6 (7) The righteous also shall see this, and fear: and shall laugh him to scorn;

7 (8) Lo, this is the man that took not GOD for his strength: but trusted unto the multitude of his riches, and strengthened himself in his wickedness.

Here, as we might expect, our mediæval commentators are full of the blessings of poverty, and the temptation of riches. One or two, and only one or two, have the courage to apply that general dogma to the state of the Church in their own days, so far as this world went, “rich and increased with goods, and having need of nothing.” And it must always be remembered that the very first sign of decay in the Western Church—taking the Western Church (which is always to be remembered) as a very different thing from the Roman Court,—was the way in which this very question of poverty and riches, settled as it was, militated against the strict rules of the then strictest and holiest of orders. There is nothing which so illustrates that saying of the Apostle’s, “How unsearchable are His judgments, and His ways past finding out,” than the conflict between those who held to the first fervour of their rules, the genuine, primitive Franciscans, and who yet so holding, fell into all kind of mystical heresies; and on the other, those who from Rome obtained licence to receive any amount of riches, and who therefore became what we unhappily know that the followers of S. Francis did become, a by-word and reproach to mediæval Europe. If any one thinks that this remark has nothing to do with the Psalm, let him rather take it in this point of view: as to each phase of our own individual lives, temptation, of whatever kind, from the world, the flesh, or the devil; whether ending in victory or defeat, or drawn out into a long conflict. In these things, every Christian man can find in the Psalms that which in the particular moment suits his particular need: in the same way that they fit into, they dovetail in with, the history of the Church.
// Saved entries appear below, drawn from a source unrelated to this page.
Lemma big_pred2 (R : Type) (idx : R) (op : Monoid.com_law idx) (I : finType)
    (a b : I) (P : pred I) (F : I -> R) :
  a != b -> P =1 pred2 a b -> \big[op/idx]_(i | P i) F i = op (F a) (F b).
Proof.
move=> neq_ab PE; rewrite (bigD1 a) ?PE /= ?eqxx // (big_pred1 b) // => i /=.
rewrite PE /=; case: (eqVneq i a) => [->|]; last by rewrite andbT.
by rewrite (negbTE neq_ab).
Qed.

Lemma big_ord3 (R : Type) (idx : R) (op : Monoid.law idx) (F : 'I_3 -> R) :
  \big[op/idx]_(s < 3) F s = op (op (F side0) (F side1)) (F side2).
Proof.
rewrite !big_ord_recr big_ord0 Monoid.mul1m.
by congr (op (op (F _) (F _)) (F _)); apply/val_inj.
Qed.

(* With (a, b, c, d) = (y_mu, z_mu, y_nu, z_nu): the new h-coordinate on each
   outer side of the quadrilateral, as the old one on that side times its shear
   factor. *)
Lemma shear_factors (F : fieldType) (a b c d : F) :
    a != 0 -> b != 0 -> c != 0 -> d != 0 -> a * c + b * d != 0 ->
  let x := a / b * (c / d) in
  [/\ (d / (a * c + b * d))^-1 = b * (1 + x),
       (b / (a * c + b * d))^-1 = d * (1 + x),
       a / (a * c + b * d) = c^-1 * (1 + x^-1)^-1
     & c / (a * c + b * d) = a^-1 * (1 + x^-1)^-1].
Proof.
by move=> a0 b0 c0 d0 D0 x; rewrite /x; split; field; rewrite ?a0 ?b0 ?c0 ?d0 D0.
Qed.

Definition tri_prod (R : realFieldType) m (e : dtri m) (y z : 'I_(2 * m)%N -> R)
    (h : 'I_(3 * m)%N) (k : 'I_(2 * m)%N) : R :=
  \prod_(s < 3 | e k s == h) hcoord y z k s.

Section Fmap.
Variables (R : realFieldType) (m : nat).
Implicit Types (e : dtri m) (y z : 'I_(2 * m)%N -> R).

Lemma Fmap_tri_prod e y z h : Fmap e y z h = \prod_k tri_prod e y z h k.
Proof. by rewrite /tri_prod pair_big_dep. Qed.

Lemma Fmap_bigD2 e y z h (mu nu : 'I_(2 * m)%N) : mu != nu ->
  Fmap e y z h = tri_prod e y z h mu * tri_prod e y z h nu *
                 \prod_(k | (k != mu) && (k != nu)) tri_prod e y z h k.
Proof.
move=> neq_mn; rewrite Fmap_tri_prod (bigD1 mu) // (bigD1 nu) 1?eq_sym //= mulrA.
by congr (_ * _); apply: eq_bigl => k; rewrite andbC.
Qed.

Lemma tri_prod_sides e y z h k :
  tri_prod e y z h k =
    (if e k side0 == h then hcoord y z k side0 else 1) *
    (if e k side1 == h then hcoord y z k side1 else 1) *
    (if e k side2 == h then hcoord y z k side2 else 1).
Proof. by rewrite /tri_prod big_mkcond big_ord3. Qed.

Lemma Fmap_pred2 e y z h (a b : 'I_(2 * m)%N * 'I_3) : a != b ->
  (forall k s, (e k s == h) = ((k, s) == a) || ((k, s) == b)) ->
  Fmap e y z h = hcoord y z a.1 a.2 * hcoord y z b.1 b.2.
Proof.
by move=> neq_ab eE; rewrite /Fmap (big_pred2 _ _ neq_ab).
Qed.

Lemma Fmap_reindex (alpha : {perm 'I_(2 * m)%N}) e y z h :
  Fmap (tri_reindex alpha e) (reindex_y alpha y) (reindex_y alpha z) h = Fmap e y z h.
Proof. by rewrite !Fmap_tri_prod [RHS](reindex_inj (@perm_inj _ alpha)). Qed.

Lemma hcoord_rot i y z s : y i != 0 ->
  hcoord (rot_y i y z) (rot_z i y z) i s = hcoord y z i (ordS s).
Proof.
move=> yi0; rewrite /hcoord /rot_y /rot_z eqxx.
by case: s => -[|[|[|//]]] ? /=; [field | | rewrite invf_div].
Qed.

Lemma Fmap_mark_rot i e y z h : y i != 0 ->
  Fmap (mark_rot i e) (rot_y i y z) (rot_z i y z) h = Fmap e y z h.
Proof.
move=> yi0; rewrite !Fmap_tri_prod; apply: eq_bigr => k _.
rewrite /tri_prod /mark_rot; case: (eqVneq k i) => [->|ne_ki].
  by rewrite [RHS](reindex_inj (@ordS_inj 3)); apply: eq_bigr => s _; rewrite hcoord_rot.
by apply: eq_bigr => s _; rewrite /hcoord /rot_y /rot_z (negbTE ne_ki).
Qed.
8 (9) As for me, I am like a green olive-tree in the house of GOD: my trust is in the tender mercy of GOD for ever and ever.

9 (10) I will always give thanks unto thee for that thou hast done: and I will hope in thy Name, for thy saints like it well.

They have, (Ay.) those mediæval writers, much to say on the colour of green, the daily colour of the Western Church; how it is the most refreshing to the eyes, (L.) how it gives the dearest hope of the coming spring, how, besides the gems which are of that hue, and which always have been believed to have possessed especial virtue, the various shades and distinctions of the colour, in which they say there are more diversities than in any other colour, may be seen the infinite variety of the graces of the HOLY GHOST. I will hope in Thy Name. That Name of which we have so often spoken: that Name which is, as it were, the Antiphon to so many Psalms: that Name, the dear love to which is so feebly expressed either in our own version, or in the LXX., or in the Vulgate, the Hebrew giving, I will hope in Thy Name, for it is the chief good of Thy saints.

And therefore:

Glory be to the FATHER, Whose goodness endureth yet daily; and to the SON, the Righteous, Who shall see His reward; and to the HOLY GHOST, in Whose trust is our tender mercy for ever and ever;

As it was in the beginning, is now, and ever shall be: world without end. Amen.